Methadone costs push addicts back to heroin
AM - Tuesday, 24 June , 2008 08:18:00
Reporter: Michael Edwards
TONY EASTLEY: A new report has found recovering drug users are struggling to meet the costs of methadone programs, with some relapsing into addiction.
Methadone is regarded by many experts as the best way to get people off heroin.
But research done by the Royal Melbourne Institute of Technology says the pharmacy costs associated with it are too high for many users.
It's found some are resorting to sex work and crime to pay for their treatment.
Michael Edwards has this report.
MICHAEL EDWARDS: The study focused on 120 recovering heroin addicts living on low incomes.
All were attempting to beat their habits through a methadone program.
The author of the study, Dr James Rowe - a drug expert from the Royal Melbourne Institute of Technology, says methadone is the best way to treat heroin dependency.

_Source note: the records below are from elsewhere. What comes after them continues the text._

(* Let $\mathcal{G}$ be a finite collection of nonempty subsets of $\{1,\dots,d\}$, let $n=\sum_{g\in\mathcal{G}}|g|$, and let $\mathbb{R}^n$ be partitioned into pairwise disjoint index blocks $j(g)$, $|j(g)|=|g|$, $g\in\mathcal{G}$, with $\mathbf{x}_{j(g)}$ identified with a vector supported on the coordinates in $g$. Let $M\in\{0,1\}^{d\times n}$ satisfy $(M\mathbf{x})_i=\sum_{g\in\mathcal{G}:\,i\in g}(\text{entry of }\mathbf{x}_{j(g)}\text{ corresponding to }i)$. Let $\lambda>0$, $w_g>0$, $\mathbf{b}\in\mathbb{R}^d$, $\rho>0$, and $$L_\rho(\mathbf{x}^1,\mathbf{x}^2;\mathbf{y})=\lambda\sum_{g\in\mathcal{G}}w_g\|\mathbf{x}^1_{j(g)}\|_2+\tfrac12\|M\mathbf{x}^2-\mathbf{b}\|_2^2+\langle\mathbf{y},\mathbf{x}^1-\mathbf{x}^2\rangle+\tfrac{\rho}{2}\|\mathbf{x}^1-\mathbf{x}^2\|_2^2 .$$ Assume $L_\rho$ has a finite saddle point. Let $\alpha$ satisfy $0<\alpha<\rho$, and consider the sequences generated from initial points $\mathbf{x}^{1,0},\mathbf{x}^{2,0},\mathbf{y}^0\in\mathbb{R}^n$ by $$\mathbf{x}^{1,k+1}_{j(g)}=\arg\min_{\mathbf{z}\in\mathbb{R}^{|g|}}\lambda w_g\|\mathbf{z}\|_2+\tfrac{\rho}{2}\big\|\mathbf{z}-\mathbf{x}^{2,k}_{j(g)}+\tfrac1\rho\mathbf{y}^k_{j(g)}\big\|_2^2\quad(g\in\mathcal{G}),$$ $$\mathbf{x}^{2,k+1}=\arg\min_{\mathbf{x}^2\in\mathbb{R}^n}\tfrac12\|M\mathbf{x}^2-\mathbf{b}\|_2^2+\tfrac{\rho}{2}\big\|\mathbf{x}^2-\mathbf{x}^{1,k+1}-\tfrac1\rho\mathbf{y}^k\big\|_2^2,$$ $$\mathbf{y}^{k+1}=\mathbf{y}^k+\alpha(\mathbf{x}^{1,k+1}-\mathbf{x}^{2,k+1}).$$ Then the sequences $\{\mathbf{x}^{1,k}\}$, $\{\mathbf{x}^{2,k}\}$ and $\{\mathbf{y}^k\}$ are uniformly bounded.
   Context: A saddle point of $L_\rho$ is $(\mathbf{x}^{1,*},\mathbf{x}^{2,*};\mathbf{y}^* )$ with $L_\rho(\mathbf{x}^{1,*},\mathbf{x}^{2,*};\mathbf{y})\le L_\rho(\mathbf{x}^{1,*},\mathbf{x}^{2,*};\mathbf{y}^* )\le L_\rho(\mathbf{x}^1,\mathbf{x}^2;\mathbf{y}^* )$ for all $\mathbf{x}^1,\mathbf{x}^2,\mathbf{y}$. The iteration is ADMM with dual stepsize $\alpha$ applied to $\min\lambda\sum_g w_g\|\mathbf{x}^1_{j(g)}\|_2+\frac12\|M\mathbf{x}^2-\mathbf{b}\|_2^2$ s.t. $\mathbf{x}^1=\mathbf{x}^2$ (the proximal operator of the latent overlapping group lasso penalty at $\mathbf{b}$). *)

From HB Require Import structures.
From mathcomp Require Import all_boot all_order all_algebra.
From mathcomp Require Import reals.
Set Implicit Arguments. Unset Strict Implicit. Unset Printing Implicit Defensive.
Import Order.TTheory GRing.Theory Num.Theory.
Local Open Scope ring_scope.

JAMES ROWE: People can find some stability they are removed from committing crime they are removed from sex work. They attain a degree of stability in their lives. They're able to re-enter employment or education, they can even start addressing some of the reasons why they were using drugs in the first place.
MICHAEL EDWARDS: But Dr Rowe's research found it's not that easy for these people to sustain a methadone program financially.
The drug itself is paid for by the Federal Government but in many parts of the country people still have to cover a dispensing fee charged by pharmacists.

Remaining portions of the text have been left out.